### YOUR INSTRUCTIONS
Scan the data for "Nielsen" and copy each matching line.
=== Begin Enclosure ===
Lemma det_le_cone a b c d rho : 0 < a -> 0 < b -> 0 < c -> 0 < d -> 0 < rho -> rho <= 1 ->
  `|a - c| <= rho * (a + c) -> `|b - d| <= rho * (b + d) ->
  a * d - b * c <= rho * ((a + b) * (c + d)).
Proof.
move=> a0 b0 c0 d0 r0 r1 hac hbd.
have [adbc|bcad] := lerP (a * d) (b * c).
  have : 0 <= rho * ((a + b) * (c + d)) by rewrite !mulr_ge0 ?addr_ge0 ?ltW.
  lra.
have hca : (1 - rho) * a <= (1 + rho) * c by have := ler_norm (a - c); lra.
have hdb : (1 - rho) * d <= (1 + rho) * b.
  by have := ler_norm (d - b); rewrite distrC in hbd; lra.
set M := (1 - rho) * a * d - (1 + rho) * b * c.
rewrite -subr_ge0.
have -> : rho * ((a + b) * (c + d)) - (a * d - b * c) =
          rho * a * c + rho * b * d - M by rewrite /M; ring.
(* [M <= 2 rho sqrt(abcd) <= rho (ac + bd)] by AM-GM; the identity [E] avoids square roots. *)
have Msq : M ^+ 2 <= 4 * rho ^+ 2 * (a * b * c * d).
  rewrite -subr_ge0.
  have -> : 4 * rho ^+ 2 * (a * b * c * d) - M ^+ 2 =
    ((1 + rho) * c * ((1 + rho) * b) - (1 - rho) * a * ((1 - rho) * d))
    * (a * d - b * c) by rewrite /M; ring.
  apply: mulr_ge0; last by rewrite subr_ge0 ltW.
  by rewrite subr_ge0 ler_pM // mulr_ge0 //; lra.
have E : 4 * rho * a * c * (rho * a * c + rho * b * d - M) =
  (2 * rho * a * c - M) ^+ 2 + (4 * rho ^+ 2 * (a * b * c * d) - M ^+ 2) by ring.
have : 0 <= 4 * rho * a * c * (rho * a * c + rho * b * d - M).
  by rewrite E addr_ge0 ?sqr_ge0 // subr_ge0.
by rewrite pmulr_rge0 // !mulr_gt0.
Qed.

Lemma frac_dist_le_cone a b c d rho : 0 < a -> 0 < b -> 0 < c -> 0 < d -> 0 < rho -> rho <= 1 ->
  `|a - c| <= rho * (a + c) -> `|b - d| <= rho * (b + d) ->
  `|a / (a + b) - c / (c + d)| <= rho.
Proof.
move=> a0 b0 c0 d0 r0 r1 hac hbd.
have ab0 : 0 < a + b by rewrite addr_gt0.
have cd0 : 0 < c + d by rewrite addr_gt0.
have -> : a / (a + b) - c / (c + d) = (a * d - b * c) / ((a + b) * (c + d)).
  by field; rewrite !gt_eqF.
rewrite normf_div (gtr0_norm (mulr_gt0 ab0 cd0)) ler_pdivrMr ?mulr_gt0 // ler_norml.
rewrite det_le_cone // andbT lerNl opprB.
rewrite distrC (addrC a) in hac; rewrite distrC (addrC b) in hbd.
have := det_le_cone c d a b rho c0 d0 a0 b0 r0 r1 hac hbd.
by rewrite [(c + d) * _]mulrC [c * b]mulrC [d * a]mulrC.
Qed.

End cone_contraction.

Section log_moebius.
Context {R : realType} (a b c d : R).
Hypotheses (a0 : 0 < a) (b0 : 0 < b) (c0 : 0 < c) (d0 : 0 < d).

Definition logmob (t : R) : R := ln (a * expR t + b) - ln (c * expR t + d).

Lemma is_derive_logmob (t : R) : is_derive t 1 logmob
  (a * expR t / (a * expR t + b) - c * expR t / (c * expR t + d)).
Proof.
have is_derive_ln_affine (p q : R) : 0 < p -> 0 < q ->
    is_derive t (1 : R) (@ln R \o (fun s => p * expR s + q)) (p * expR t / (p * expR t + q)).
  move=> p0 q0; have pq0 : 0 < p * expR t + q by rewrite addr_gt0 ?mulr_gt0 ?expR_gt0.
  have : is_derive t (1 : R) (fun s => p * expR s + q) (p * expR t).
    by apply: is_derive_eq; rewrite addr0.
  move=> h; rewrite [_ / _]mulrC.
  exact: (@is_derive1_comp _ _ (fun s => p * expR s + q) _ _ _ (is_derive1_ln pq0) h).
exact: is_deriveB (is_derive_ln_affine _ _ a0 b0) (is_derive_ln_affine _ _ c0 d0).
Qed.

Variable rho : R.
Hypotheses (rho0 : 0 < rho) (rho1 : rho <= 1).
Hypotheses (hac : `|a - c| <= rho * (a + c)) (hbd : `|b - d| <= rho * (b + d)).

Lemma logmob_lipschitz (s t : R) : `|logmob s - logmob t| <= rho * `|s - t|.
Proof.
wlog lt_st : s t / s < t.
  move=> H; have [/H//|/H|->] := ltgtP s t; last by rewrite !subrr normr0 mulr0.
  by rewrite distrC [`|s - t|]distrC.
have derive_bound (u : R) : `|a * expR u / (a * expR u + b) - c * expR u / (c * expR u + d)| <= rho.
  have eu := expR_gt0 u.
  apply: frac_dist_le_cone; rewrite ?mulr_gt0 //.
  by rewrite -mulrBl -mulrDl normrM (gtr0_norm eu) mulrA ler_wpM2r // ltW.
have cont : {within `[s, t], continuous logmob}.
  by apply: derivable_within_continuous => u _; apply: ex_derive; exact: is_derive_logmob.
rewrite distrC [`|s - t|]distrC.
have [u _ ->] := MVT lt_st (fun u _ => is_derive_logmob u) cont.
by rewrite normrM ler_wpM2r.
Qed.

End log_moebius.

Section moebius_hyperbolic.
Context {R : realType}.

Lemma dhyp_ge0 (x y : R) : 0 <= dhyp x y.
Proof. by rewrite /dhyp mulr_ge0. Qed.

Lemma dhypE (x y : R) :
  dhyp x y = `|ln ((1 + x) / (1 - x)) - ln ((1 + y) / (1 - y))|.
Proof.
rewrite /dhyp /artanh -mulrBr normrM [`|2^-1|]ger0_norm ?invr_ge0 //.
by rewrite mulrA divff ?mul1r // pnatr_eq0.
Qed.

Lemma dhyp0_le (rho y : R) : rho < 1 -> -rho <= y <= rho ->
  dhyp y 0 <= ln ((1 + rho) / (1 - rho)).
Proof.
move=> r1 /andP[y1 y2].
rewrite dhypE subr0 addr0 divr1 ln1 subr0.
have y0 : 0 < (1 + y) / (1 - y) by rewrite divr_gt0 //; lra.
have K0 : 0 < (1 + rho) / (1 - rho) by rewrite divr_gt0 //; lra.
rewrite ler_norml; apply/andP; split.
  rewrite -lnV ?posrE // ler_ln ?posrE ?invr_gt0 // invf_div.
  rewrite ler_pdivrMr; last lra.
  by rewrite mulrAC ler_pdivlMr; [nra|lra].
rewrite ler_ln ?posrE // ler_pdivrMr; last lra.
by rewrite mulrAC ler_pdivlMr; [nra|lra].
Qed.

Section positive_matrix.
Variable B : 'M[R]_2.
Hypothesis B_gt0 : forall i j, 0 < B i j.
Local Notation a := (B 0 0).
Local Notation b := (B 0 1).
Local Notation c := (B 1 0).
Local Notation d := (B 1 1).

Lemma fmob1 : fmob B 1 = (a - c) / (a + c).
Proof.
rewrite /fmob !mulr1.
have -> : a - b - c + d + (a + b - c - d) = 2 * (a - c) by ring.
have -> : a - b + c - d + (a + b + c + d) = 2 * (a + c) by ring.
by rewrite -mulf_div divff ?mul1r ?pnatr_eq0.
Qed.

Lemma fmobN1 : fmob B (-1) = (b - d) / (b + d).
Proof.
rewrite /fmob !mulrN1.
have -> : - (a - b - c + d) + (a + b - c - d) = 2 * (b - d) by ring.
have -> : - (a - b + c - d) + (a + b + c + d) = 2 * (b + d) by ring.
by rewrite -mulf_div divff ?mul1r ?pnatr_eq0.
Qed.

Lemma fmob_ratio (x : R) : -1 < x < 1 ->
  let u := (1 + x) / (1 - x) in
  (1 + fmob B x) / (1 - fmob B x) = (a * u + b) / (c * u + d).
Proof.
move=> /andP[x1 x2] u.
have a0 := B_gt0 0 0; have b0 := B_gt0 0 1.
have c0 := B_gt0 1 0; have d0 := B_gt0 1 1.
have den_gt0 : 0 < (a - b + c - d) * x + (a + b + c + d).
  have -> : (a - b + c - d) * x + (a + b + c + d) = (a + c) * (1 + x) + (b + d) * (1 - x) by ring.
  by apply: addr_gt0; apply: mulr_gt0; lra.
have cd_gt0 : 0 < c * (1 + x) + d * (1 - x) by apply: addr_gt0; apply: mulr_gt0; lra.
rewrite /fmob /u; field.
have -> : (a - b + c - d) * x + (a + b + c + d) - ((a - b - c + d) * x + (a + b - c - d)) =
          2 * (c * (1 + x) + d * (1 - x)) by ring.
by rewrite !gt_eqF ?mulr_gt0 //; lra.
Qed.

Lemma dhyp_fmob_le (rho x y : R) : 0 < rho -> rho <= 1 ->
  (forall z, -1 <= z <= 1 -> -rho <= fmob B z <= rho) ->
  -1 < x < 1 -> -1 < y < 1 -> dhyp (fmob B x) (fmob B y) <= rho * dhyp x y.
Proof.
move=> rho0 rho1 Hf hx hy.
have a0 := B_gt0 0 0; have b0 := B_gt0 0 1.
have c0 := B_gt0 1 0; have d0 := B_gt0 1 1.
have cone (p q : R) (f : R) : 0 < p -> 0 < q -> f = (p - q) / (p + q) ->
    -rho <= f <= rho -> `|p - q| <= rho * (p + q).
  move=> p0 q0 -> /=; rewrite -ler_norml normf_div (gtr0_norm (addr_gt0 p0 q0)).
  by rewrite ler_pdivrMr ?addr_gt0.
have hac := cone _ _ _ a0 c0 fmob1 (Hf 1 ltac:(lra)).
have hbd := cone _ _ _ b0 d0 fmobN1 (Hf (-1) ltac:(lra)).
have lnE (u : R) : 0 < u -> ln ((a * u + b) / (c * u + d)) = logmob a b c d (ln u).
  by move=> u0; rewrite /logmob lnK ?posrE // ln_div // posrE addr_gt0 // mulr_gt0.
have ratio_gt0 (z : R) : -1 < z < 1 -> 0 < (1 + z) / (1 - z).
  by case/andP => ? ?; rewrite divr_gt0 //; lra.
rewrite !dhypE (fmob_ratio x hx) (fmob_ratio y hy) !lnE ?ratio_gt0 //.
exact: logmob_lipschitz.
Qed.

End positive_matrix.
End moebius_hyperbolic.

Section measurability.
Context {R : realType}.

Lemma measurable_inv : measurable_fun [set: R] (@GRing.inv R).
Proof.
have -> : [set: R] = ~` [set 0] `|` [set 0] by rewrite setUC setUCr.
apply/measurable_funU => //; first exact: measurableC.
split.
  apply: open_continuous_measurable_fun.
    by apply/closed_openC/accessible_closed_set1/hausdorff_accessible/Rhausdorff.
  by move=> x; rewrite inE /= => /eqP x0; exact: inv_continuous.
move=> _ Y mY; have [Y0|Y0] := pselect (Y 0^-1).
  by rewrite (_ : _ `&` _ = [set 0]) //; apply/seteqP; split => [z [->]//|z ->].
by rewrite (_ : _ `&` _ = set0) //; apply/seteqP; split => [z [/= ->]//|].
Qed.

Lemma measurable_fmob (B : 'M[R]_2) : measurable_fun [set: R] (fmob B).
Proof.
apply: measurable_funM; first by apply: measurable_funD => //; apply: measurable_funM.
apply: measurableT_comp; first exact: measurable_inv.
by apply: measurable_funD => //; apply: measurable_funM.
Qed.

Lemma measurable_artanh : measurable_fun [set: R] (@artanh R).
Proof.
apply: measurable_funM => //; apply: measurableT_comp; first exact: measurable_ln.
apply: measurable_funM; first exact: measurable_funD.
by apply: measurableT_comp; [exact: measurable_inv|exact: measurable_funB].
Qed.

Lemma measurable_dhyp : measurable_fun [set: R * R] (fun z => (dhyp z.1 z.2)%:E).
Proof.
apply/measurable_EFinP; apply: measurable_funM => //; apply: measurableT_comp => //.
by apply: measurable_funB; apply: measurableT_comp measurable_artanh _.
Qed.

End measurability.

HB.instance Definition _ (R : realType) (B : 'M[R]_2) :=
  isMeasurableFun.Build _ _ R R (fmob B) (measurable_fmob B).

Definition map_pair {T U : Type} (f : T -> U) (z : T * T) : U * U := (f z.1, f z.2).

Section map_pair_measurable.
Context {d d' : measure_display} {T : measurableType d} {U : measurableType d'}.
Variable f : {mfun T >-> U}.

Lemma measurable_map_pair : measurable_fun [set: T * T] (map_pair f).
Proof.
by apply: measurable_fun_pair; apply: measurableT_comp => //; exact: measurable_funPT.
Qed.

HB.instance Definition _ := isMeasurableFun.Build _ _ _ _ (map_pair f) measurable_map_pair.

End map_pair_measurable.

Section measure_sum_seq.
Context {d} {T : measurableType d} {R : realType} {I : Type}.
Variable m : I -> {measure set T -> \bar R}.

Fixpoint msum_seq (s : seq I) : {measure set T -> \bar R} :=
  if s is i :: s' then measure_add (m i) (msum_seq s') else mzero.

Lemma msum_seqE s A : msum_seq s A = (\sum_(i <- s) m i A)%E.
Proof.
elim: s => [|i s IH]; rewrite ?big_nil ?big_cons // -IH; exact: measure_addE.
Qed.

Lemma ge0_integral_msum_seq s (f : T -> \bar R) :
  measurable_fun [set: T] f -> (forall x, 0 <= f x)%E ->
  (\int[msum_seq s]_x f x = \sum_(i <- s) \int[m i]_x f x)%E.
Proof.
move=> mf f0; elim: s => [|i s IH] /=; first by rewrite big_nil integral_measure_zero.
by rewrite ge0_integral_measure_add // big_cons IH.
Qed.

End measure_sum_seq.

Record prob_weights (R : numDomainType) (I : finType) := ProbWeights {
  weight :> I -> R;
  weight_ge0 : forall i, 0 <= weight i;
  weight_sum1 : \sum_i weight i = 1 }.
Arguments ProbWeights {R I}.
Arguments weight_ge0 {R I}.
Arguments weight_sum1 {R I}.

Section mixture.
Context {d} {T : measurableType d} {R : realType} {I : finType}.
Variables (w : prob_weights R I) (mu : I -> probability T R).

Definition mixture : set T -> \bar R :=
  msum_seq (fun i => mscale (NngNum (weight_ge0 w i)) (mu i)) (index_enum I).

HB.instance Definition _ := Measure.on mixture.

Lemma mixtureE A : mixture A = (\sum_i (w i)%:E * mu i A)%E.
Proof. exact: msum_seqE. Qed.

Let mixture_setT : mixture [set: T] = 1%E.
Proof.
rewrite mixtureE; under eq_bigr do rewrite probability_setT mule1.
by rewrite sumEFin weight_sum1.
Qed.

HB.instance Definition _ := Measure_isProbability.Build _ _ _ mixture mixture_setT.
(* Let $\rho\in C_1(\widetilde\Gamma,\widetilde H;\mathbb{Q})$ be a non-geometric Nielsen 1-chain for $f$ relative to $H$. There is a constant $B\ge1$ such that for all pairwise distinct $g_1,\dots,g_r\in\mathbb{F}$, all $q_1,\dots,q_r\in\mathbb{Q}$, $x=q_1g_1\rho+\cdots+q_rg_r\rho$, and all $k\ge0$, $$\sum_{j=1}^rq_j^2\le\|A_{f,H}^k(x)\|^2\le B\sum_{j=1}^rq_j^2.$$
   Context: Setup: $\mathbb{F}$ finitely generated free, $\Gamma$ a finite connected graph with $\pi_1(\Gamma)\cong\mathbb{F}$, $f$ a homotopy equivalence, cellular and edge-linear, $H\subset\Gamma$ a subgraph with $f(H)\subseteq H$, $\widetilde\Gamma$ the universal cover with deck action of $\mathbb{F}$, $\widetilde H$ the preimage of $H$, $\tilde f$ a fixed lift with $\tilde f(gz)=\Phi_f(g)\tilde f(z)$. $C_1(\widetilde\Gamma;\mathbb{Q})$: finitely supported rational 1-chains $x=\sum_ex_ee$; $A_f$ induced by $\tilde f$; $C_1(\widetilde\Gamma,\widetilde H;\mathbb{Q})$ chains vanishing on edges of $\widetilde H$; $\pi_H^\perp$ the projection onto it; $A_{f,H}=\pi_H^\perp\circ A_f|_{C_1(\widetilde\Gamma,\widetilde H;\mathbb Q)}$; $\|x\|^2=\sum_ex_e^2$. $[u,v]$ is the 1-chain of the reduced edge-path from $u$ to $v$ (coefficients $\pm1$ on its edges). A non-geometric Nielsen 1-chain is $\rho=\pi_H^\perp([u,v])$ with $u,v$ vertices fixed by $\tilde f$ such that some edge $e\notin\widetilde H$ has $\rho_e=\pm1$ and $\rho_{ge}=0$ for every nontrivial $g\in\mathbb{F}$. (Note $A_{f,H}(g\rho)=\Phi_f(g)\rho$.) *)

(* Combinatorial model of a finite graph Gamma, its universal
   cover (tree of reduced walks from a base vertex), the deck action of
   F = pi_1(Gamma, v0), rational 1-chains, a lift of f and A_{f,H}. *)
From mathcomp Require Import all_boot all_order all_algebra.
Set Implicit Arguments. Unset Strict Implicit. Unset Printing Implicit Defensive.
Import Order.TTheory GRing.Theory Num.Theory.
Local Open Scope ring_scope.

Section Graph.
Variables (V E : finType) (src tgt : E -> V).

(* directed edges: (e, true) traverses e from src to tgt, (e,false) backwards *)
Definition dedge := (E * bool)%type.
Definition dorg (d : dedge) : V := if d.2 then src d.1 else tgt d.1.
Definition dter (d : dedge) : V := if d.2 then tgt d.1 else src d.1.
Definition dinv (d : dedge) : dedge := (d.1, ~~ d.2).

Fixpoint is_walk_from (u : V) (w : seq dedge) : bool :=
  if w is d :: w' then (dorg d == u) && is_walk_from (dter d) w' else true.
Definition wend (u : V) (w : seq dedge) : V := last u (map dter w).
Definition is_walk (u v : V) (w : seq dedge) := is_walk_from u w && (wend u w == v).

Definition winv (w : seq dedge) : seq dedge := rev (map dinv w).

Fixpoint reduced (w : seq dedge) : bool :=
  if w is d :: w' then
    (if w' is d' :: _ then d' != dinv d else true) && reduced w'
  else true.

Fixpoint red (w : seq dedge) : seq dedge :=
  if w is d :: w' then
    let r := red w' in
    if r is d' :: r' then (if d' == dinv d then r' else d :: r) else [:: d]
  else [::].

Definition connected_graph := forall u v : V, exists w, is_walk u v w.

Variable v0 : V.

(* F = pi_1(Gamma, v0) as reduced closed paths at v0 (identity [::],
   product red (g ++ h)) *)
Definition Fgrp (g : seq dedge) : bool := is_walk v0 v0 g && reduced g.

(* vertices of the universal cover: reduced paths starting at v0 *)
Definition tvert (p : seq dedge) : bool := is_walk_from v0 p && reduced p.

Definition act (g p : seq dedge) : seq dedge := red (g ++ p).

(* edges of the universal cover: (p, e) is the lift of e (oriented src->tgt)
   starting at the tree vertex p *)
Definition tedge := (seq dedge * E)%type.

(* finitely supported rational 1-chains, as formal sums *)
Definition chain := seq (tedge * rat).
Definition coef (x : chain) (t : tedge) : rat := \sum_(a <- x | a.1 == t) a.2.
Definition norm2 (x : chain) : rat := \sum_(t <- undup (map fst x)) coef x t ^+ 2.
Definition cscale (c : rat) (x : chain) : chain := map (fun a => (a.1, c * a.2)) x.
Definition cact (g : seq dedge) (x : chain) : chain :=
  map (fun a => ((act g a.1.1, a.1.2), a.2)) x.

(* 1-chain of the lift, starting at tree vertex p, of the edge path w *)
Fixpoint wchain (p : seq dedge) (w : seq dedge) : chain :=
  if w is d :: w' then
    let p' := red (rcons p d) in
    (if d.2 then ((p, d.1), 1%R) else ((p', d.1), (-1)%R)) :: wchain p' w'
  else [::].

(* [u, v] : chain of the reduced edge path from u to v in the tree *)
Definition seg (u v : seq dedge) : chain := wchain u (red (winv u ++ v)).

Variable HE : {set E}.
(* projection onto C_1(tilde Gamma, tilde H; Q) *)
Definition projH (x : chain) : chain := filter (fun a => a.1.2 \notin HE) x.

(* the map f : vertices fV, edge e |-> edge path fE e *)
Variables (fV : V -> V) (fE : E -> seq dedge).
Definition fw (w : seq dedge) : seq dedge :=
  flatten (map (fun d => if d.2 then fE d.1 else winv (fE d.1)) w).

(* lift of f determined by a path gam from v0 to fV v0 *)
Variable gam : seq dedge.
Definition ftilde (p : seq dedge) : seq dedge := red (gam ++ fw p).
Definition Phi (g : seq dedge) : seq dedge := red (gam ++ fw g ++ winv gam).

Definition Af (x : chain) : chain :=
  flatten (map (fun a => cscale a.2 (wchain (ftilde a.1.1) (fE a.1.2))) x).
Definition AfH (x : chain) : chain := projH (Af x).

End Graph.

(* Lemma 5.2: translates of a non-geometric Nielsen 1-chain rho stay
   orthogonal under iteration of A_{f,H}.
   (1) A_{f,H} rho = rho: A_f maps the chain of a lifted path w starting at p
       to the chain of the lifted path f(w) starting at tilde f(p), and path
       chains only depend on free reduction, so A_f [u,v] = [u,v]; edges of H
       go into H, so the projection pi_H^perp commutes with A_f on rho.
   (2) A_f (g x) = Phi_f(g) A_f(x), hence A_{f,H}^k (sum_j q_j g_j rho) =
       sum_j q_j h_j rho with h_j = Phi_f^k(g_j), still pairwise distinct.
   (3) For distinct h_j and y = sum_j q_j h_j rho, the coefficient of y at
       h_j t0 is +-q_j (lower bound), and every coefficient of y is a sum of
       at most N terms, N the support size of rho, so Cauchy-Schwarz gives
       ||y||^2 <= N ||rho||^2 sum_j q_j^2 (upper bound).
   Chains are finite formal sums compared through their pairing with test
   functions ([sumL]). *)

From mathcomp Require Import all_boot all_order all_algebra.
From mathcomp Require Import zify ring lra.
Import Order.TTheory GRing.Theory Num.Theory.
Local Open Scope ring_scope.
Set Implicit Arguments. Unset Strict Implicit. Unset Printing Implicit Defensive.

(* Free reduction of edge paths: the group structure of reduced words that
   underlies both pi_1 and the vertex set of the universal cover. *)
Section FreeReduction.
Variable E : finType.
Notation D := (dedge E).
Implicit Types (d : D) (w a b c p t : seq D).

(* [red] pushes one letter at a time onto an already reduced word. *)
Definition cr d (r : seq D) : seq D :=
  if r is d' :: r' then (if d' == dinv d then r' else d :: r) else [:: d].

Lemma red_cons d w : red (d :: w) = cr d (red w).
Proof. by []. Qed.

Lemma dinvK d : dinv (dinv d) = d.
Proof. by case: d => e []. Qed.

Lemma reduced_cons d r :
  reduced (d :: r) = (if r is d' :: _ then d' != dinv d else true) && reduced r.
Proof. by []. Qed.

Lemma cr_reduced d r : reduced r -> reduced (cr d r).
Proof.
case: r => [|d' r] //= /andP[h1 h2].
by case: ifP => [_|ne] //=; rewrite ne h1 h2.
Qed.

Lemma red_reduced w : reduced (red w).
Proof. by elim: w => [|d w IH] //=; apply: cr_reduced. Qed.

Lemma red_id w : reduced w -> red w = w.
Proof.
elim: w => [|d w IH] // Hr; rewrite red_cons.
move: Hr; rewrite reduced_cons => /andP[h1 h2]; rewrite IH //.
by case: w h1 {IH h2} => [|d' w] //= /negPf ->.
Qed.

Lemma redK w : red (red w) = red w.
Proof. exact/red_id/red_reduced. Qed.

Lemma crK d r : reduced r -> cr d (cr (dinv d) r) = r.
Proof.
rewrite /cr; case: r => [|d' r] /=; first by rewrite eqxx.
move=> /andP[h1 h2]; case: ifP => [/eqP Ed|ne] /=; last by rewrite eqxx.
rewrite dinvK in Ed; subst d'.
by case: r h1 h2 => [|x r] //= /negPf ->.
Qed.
=== End Enclosure ===
### REPLY TO THE TASK
(* Let $\rho\in C_1(\widetilde\Gamma,\widetilde H;\mathbb{Q})$ be a non-geometric Nielsen 1-chain for $f$ relative to $H$. There is a constant $B\ge1$ such that for all pairwise distinct $g_1,\dots,g_r\in\mathbb{F}$, all $q_1,\dots,q_r\in\mathbb{Q}$, $x=q_1g_1\rho+\cdots+q_rg_r\rho$, and all $k\ge0$, $$\sum_{j=1}^rq_j^2\le\|A_{f,H}^k(x)\|^2\le B\sum_{j=1}^rq_j^2.$$
   Context: Setup: $\mathbb{F}$ finitely generated free, $\Gamma$ a finite connected graph with $\pi_1(\Gamma)\cong\mathbb{F}$, $f$ a homotopy equivalence, cellular and edge-linear, $H\subset\Gamma$ a subgraph with $f(H)\subseteq H$, $\widetilde\Gamma$ the universal cover with deck action of $\mathbb{F}$, $\widetilde H$ the preimage of $H$, $\tilde f$ a fixed lift with $\tilde f(gz)=\Phi_f(g)\tilde f(z)$. $C_1(\widetilde\Gamma;\mathbb{Q})$: finitely supported rational 1-chains $x=\sum_ex_ee$; $A_f$ induced by $\tilde f$; $C_1(\widetilde\Gamma,\widetilde H;\mathbb{Q})$ chains vanishing on edges of $\widetilde H$; $\pi_H^\perp$ the projection onto it; $A_{f,H}=\pi_H^\perp\circ A_f|_{C_1(\widetilde\Gamma,\widetilde H;\mathbb Q)}$; $\|x\|^2=\sum_ex_e^2$. $[u,v]$ is the 1-chain of the reduced edge-path from $u$ to $v$ (coefficients $\pm1$ on its edges). A non-geometric Nielsen 1-chain is $\rho=\pi_H^\perp([u,v])$ with $u,v$ vertices fixed by $\tilde f$ such that some edge $e\notin\widetilde H$ has $\rho_e=\pm1$ and $\rho_{ge}=0$ for every nontrivial $g\in\mathbb{F}$. (Note $A_{f,H}(g\rho)=\Phi_f(g)\rho$.) *)
(* Lemma 5.2: translates of a non-geometric Nielsen 1-chain rho stay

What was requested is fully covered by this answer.